[Data excerpts Boundary: Start]

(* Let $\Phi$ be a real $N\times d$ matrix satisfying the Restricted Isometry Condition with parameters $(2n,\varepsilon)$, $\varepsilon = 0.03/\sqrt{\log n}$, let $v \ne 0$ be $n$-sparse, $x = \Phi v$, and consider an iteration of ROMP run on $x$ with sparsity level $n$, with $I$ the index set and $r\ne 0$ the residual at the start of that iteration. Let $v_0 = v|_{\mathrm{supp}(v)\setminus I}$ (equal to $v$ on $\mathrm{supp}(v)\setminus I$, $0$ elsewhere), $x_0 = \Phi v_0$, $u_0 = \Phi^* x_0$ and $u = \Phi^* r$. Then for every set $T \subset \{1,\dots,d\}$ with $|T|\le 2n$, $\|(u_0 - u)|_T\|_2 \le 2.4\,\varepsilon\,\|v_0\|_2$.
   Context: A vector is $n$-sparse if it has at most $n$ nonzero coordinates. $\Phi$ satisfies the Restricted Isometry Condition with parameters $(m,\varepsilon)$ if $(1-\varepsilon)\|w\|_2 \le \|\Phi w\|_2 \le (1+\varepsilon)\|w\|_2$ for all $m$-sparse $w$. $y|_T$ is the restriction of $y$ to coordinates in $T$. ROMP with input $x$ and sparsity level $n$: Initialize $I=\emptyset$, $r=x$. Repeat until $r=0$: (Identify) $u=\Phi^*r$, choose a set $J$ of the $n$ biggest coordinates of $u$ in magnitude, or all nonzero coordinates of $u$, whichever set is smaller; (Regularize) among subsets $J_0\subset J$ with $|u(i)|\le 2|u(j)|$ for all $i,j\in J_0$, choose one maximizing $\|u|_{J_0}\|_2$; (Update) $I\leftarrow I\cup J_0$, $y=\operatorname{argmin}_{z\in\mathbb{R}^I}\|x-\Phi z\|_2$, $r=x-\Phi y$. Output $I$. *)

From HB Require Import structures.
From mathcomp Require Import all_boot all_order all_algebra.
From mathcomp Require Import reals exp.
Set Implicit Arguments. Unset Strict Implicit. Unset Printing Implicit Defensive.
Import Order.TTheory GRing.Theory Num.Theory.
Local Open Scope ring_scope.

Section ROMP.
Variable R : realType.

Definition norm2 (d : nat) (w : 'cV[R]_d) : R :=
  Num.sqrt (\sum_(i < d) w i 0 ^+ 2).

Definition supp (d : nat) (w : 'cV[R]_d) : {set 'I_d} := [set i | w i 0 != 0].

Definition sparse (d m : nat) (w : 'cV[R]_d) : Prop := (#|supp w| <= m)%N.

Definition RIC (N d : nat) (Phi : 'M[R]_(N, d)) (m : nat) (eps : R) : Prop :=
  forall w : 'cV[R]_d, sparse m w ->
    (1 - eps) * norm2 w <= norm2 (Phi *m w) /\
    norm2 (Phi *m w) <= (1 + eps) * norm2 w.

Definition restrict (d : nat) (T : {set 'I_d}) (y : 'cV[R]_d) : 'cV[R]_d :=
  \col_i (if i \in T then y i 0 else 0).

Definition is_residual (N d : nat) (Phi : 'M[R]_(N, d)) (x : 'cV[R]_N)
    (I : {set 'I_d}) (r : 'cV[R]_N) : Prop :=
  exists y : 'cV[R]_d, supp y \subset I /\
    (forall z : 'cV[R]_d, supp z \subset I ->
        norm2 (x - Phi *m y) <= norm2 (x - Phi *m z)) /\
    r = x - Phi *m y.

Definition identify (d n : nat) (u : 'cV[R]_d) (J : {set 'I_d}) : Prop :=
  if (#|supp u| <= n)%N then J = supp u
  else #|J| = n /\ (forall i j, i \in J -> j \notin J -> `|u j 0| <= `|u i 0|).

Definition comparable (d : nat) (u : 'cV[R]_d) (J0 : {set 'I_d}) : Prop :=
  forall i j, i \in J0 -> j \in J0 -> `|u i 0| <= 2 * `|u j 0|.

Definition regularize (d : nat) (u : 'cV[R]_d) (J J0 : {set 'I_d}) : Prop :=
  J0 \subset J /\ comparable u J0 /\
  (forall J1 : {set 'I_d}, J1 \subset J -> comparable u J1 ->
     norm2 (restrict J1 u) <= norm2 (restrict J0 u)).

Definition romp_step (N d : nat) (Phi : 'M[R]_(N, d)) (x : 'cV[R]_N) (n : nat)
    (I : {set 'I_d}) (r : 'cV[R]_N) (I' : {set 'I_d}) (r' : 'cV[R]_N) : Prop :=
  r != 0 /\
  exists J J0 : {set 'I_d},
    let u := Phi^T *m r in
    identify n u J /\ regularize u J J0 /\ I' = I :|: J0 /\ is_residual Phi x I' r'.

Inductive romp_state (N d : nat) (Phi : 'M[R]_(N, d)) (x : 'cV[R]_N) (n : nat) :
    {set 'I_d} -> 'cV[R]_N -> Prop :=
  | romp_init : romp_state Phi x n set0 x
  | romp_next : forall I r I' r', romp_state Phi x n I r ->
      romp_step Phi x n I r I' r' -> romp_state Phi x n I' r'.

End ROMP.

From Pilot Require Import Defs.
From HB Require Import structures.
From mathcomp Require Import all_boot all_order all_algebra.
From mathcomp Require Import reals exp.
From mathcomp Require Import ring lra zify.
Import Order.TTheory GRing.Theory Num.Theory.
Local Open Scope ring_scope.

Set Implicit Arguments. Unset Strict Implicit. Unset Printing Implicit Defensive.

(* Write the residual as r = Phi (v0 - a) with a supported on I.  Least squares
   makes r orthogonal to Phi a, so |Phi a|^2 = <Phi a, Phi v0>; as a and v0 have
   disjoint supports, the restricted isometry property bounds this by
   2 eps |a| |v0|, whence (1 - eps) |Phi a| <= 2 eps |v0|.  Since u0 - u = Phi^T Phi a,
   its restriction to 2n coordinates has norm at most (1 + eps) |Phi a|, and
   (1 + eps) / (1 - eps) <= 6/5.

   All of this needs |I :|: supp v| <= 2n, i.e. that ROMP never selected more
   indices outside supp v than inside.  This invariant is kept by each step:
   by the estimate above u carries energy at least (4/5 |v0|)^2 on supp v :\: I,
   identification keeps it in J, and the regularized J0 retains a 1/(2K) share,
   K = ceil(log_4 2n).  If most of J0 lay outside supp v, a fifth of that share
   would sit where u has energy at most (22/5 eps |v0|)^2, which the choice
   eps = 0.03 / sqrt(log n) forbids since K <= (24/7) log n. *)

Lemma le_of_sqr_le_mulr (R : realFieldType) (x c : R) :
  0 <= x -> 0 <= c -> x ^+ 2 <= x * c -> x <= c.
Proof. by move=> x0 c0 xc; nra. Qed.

[Data excerpts Boundary: End]

__Work to complete__. Count how many lines of the data include the word "most". Your reply should be that number alone.

__Response to the task__. 4